Now if you do a bunch of different operations, they all add up. Thus, you can represent the whole system with this matrix equation:
(start + move_matrix * applied_moves) mod 4 = finish
where start and finish are position vectors as described above, move_matrix the 8x8 matrix with all the moves, and applied_moves a 8-element vector saying how many times we push each button (in range 0..3).
From this, you can get:
applied_moves = (inverse(move_matrix) * (finish - start)) mod 4
Number of applied moves is then just this:
num_applied_moves = sum((inverse(move_matrix) * (finish - start)) mod 4)
Now just plug in the four different values for finish and see which one is least.

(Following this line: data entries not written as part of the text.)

(* Let $A$ be a Banach lattice algebra with identity $e$ and let $p\in BP(A)$. The following are equivalent: (i) $p\in OI(A)$; (ii) $p^2=p$; (iii) $p\in A_e$; (iv) there exists $\lambda>\|p\|$ such that $(\lambda e+p)^{-1}\ge 0$.
   Context: A Banach lattice algebra is a real Banach lattice $A$ with an associative bilinear product making $(A,\cdot)$ a Banach algebra such that $xy\ge0$ whenever $x,y\ge 0$. It has identity $e$ if $e$ is a multiplicative identity with $\|e\|=1$ (such $e$ is automatically positive). $A_e=\{x\in A: |x|\le\lambda e\text{ for some }\lambda\ge0\}$ is the order ideal generated by $e$. $L_a(x)=ax$, $R_a(x)=xa$. A band projection on a Banach lattice $X$ is an operator $P$ with $P^2=P$, $0\le P\le I_X$. $BP(A)=\{a\in A_+: L_aR_a\colon A\to A \text{ is a band projection}\}$. $OI(A)=\{p\in A: p^2=p,\ 0\le p\le e\}$ (order idempotents). For $\lambda>\|p\|$, $\lambda e+p$ is invertible. *)

From HB Require Import structures.
From mathcomp Require Import all_boot all_order all_algebra.
From mathcomp Require Import all_classical all_reals all_analysis.
Set Implicit Arguments. Unset Strict Implicit. Unset Printing Implicit Defensive.
Import Order.TTheory GRing.Theory Num.Theory.
Import numFieldNormedType.Exports.
Local Open Scope ring_scope.

(* A (real) Banach lattice algebra with identity, on a real Banach space V
   (complete normed module over a realType R).
   - [ble] is the vector-lattice order, [bjoin] the lattice supremum;
   - |x| := x \/ (-x); lattice norm: |x| <= |y| -> ||x|| <= ||y||;
   - [bmul] is an associative bilinear submultiplicative product,
     positive on positive elements;
   - [bid] is a multiplicative identity of norm 1. *)
Record BanachLatticeAlgebra (R : realType) (V : completeNormedModType R) := {
  ble : V -> V -> Prop;
  ble_refl : forall x, ble x x;
  ble_trans : forall x y z, ble x y -> ble y z -> ble x z;
  ble_anti : forall x y, ble x y -> ble y x -> x = y;
  ble_add : forall x y z, ble x y -> ble (x + z) (y + z);
  ble_scale : forall (a : R) x y, 0 <= a -> ble x y -> ble (a *: x) (a *: y);
  bjoin : V -> V -> V;
  bjoin_ubl : forall x y, ble x (bjoin x y);
  bjoin_ubr : forall x y, ble y (bjoin x y);
  bjoin_lub : forall x y z, ble x z -> ble y z -> ble (bjoin x y) z;
  blattice_norm : forall x y,
    ble (bjoin x (- x)) (bjoin y (- y)) -> `|x| <= `|y|;
  bmul : V -> V -> V;
  bmulA : forall x y z, bmul x (bmul y z) = bmul (bmul x y) z;
  bmulDl : forall x y z, bmul (x + y) z = bmul x z + bmul y z;
  bmulDr : forall x y z, bmul x (y + z) = bmul x y + bmul x z;
  bmulZl : forall (a : R) x y, bmul (a *: x) y = a *: bmul x y;
  bmulZr : forall (a : R) x y, bmul x (a *: y) = a *: bmul x y;
  bmul_norm : forall x y, `|bmul x y| <= `|x| * `|y|;
  bmul_pos : forall x y, ble 0 x -> ble 0 y -> ble 0 (bmul x y);
  bid : V;
  bmul1l : forall x, bmul bid x = x;
  bmul1r : forall x, bmul x bid = x;
  bid_norm : `|bid| = 1
}.

Arguments BanachLatticeAlgebra : clear implicits.

Section BLADefs.
Context {R : realType} {V : completeNormedModType R} (A : BanachLatticeAlgebra R V).

Definition babs (x : V) : V := bjoin A x (- x).

Definition is_band_projection (P : V -> V) : Prop :=
  (forall x y, P (x + y) = P x + P y) /\
  (forall (a : R) x, P (a *: x) = a *: P x) /\
  continuous P /\
  (forall x, P (P x) = P x) /\
  (forall x, ble A 0 x -> ble A 0 (P x) /\ ble A (P x) x).

Definition LR (a : V) : V -> V := fun x => bmul A a (bmul A x a).

Definition BP (a : V) : Prop := ble A 0 a /\ is_band_projection (LR a).

Definition OI (p : V) : Prop :=
  bmul A p p = p /\ ble A 0 p /\ ble A p (bid A).

Definition in_Ae (x : V) : Prop :=
  exists lambda : R, 0 <= lambda /\ ble A (babs x) (lambda *: bid A).

Definition is_inverse (x q : V) : Prop :=
  bmul A x q = bid A /\ bmul A q x = bid A.
(* Let $\omega\in(0,\pi/2]$ and let $S$ be a monotone sofa with rotation angle $\omega$. Then $S$ is in standard position, $K:=\mathcal{C}(S)$ is a cap with rotation angle $\omega$, and $S=K\setminus\mathcal{N}(K)$.
   Context: For $t\in\mathbb{R}$ put $u_t=(\cos t,\sin t)$, $v_t=(-\sin t,\cos t)$; $R_t$ is counterclockwise rotation about the origin by $t$. For nonempty compact $X$, $p_X(t)=\max_{p\in X}p\cdot u_t$; $H(t,h)=\{p:p\cdot u_t\le h\}$. The hallway is $L=L_H\cup L_V$, $L_H=(-\infty,1]\times[0,1]$, $L_V=[0,1]\times(-\infty,1]$. A moving sofa is a connected, nonempty, compact $S\subset\mathbb{R}^2$ such that some translate of $S$ lies in $L_H$ and can be moved by a continuous rigid motion inside $L$ to a subset of $L_V$; its rotation angle $\omega\in(0,\pi/2]$ is the total clockwise angle rotated (fixed data of the sofa). It is in standard position if $p_S(\omega)=p_S(\pi/2)=1$. Let $H=\mathbb{R}\times[0,1]$, $V=[0,1]\times\mathbb{R}$, $P_\omega=H\cap R_\omega(V)$. For nonempty compact $X$: $L_X(t)=R_t(L)+(p_X(t)-1)u_t+(p_X(t+\pi/2)-1)v_t$, $Q_X^+(t)=H(t,p_X(t))\cap H(t+\pi/2,p_X(t+\pi/2))$, $Q_X^-(t)=\{p:p\cdot u_t<p_X(t)-1,\ p\cdot v_t<p_X(t+\pi/2)-1\}$. Monotonization of a moving sofa $S'$ with rotation angle $\omega$ in standard position: $\mathcal{M}(S')=P_\omega\cap\bigcap_{0\le t\le\omega}L_{S'}(t)$; a monotone sofa with rotation angle $\omega$ is a set $\mathcal{M}(S')$ for such $S'$ (it is itself a moving sofa with rotation angle $\omega$). $\mathcal{C}(S)=P_\omega\cap\bigcap_{0\le t\le\omega}Q_S^+(t)$. Fan: $F_\omega=\{(x,y):y\ge0,\ x\cos\omega+y\sin\omega\ge0\}$; niche $\mathcal{N}(K)=F_\omega\cap\bigcup_{0\le t\le\omega}Q_K^-(t)$. With $J_\omega=[0,\omega]\cup[\pi/2,\pi/2+\omega]$, a cap with rotation angle $\omega$ is a nonempty compact convex $K$ with $p_K(\omega)=p_K(\pi/2)=1$, $p_K(\pi+\omega)=p_K(3\pi/2)=0$, which is an intersection of closed half-planes $H(t,h)$ with $t\in J_\omega\cup\{\pi+\omega,3\pi/2\}$. *)

From HB Require Import structures.
From mathcomp Require Import all_boot all_order all_algebra.
From mathcomp Require Import all_classical all_reals all_analysis.
Set Implicit Arguments. Unset Strict Implicit. Unset Printing Implicit Defensive.
Import Order.TTheory GRing.Theory Num.Theory.
Import numFieldNormedType.Exports.
Local Open Scope classical_set_scope.
Local Open Scope ring_scope.

Section Sofa.
Variable R : realType.
Local Notation pt := (R * R)%type.

Definition dot (p q : pt) : R := p.1 * q.1 + p.2 * q.2.
Definition uvec (t : R) : pt := (cos t, sin t).
Definition vvec (t : R) : pt := (- sin t, cos t).
Definition rot (t : R) (p : pt) : pt :=
  (cos t * p.1 - sin t * p.2, sin t * p.1 + cos t * p.2).
Definition padd (p q : pt) : pt := (p.1 + q.1, p.2 + q.2).
Definition pscale (a : R) (p : pt) : pt := (a * p.1, a * p.2).

(* support function p_X(t) = max_{p in X} p . u_t (the sup, which is the max
   for nonempty compact X) *)
Definition supp (X : set pt) (t : R) : R := sup [set dot p (uvec t) | p in X].

Definition hplane (t h : R) : set pt := [set p | dot p (uvec t) <= h].

Definition LH : set pt := [set p | p.1 <= 1 /\ 0 <= p.2 <= 1].
Definition LV : set pt := [set p | 0 <= p.1 <= 1 /\ p.2 <= 1].
Definition hallway : set pt := LH `|` LV.

Definition rigid (theta c1 c2 : R) (p : pt) : pt := padd (rot theta p) (c1, c2).

Definition unit_interval : set R := [set s | 0 <= s <= 1].

(* S is a moving sofa with rotation angle omega: S is connected, nonempty,
   compact, and there is a continuous rigid motion (angle theta(s),
   translation (c1(s), c2(s)), s in [0,1]) such that at time 0 S is a
   translate of S (theta 0 = 0) lying in L_H, at every time the moved S lies
   in L, at time 1 it lies in L_V, and the total clockwise rotation is omega
   (theta 1 = - omega). *)
Definition moving_sofa (S : set pt) (omega : R) : Prop :=
  0 < omega <= pi / 2 /\
  connected S /\ S !=set0 /\ compact S /\
  exists theta c1 c2 : R -> R,
    {within unit_interval, continuous theta} /\
    {within unit_interval, continuous c1} /\
    {within unit_interval, continuous c2} /\
    theta 0 = 0 /\
    rigid (theta 0) (c1 0) (c2 0) @` S `<=` LH /\
    (forall s, 0 <= s <= 1 -> rigid (theta s) (c1 s) (c2 s) @` S `<=` hallway) /\
    rigid (theta 1) (c1 1) (c2 1) @` S `<=` LV /\
    theta 1 = - omega.

Definition standard_position (S : set pt) (omega : R) : Prop :=
  supp S omega = 1 /\ supp S (pi / 2) = 1.

Definition Hstrip : set pt := [set p | 0 <= p.2 <= 1].
Definition Vstrip : set pt := [set p | 0 <= p.1 <= 1].
Definition Pomega (omega : R) : set pt := Hstrip `&` (rot omega @` Vstrip).

Definition LX (X : set pt) (t : R) : set pt :=
  [set padd (padd (rot t q) (pscale (supp X t - 1) (uvec t)))
            (pscale (supp X (t + pi / 2) - 1) (vvec t)) | q in hallway].

Definition QXplus (X : set pt) (t : R) : set pt :=
  hplane t (supp X t) `&` hplane (t + pi / 2) (supp X (t + pi / 2)).

Definition QXminus (X : set pt) (t : R) : set pt :=
  [set p | dot p (uvec t) < supp X t - 1 /\ dot p (vvec t) < supp X (t + pi / 2) - 1].

Definition monotonization (omega : R) (S' : set pt) : set pt :=
  Pomega omega `&` [set p | forall t, 0 <= t <= omega -> LX S' t p].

You can use matlab, numpy, octave, APL, whatever rocks your boat, as long as it supports matrix algebra, to get your answer very quickly and very easily.
This sounds a little like homework... but I would go with this line of logic.
Run a loop seeing how many moves it would take to move all the statues to face one direction. You would get something like allEast = 30, allWest = 5, etc. Take the lowest sum and corresponding direction would be the answer. With that mindset its pretty easy to build an algorithm to handle computation.
Brute-force could work. A move applied 4 times is the same as not applying the move at all, so each move can only be applied 0, 1, 2, or 3 times.
The order of the moves does not matter. Move a followed by b is the same as b followed by a.
So there are only 4^8 = 65536 possible combinations of moves.
A general solution is to note that there are only 4^8 = 64k different configurations. Each move can therefore be represented as a table of 64k 2 byte indices taking one configuration to the next. The 2 bytes e.g. are divided into 8 2-bit fields 0=N, 1=E, 2=S, 3=W. Further we can use one more table of bits to say which of the 64k configurations have all statues pointing in the same direction.
These tables don't need to be computed at run time. They can be preprocessed while writing the program and stored.
Let table A[c] give the configuration resulting after applying move A to configuration c. and Z[c] return true iff c is a successful config.
So we can use a kind of BFS:
1. Let C be a set of configurations, initially C = { s } where s is the starting config
2. Let n = 0
3. If Z[c] is true for any c in C, return n
4. Let C' be the result of applying A, B, ... H to each element of C.
5. Set C = C', n = n + 1 and go to 3
C can theoretically grow to be almost 64k in size, but the bigger it gets, the better the chances of success, so this ought to be quite fast in practice.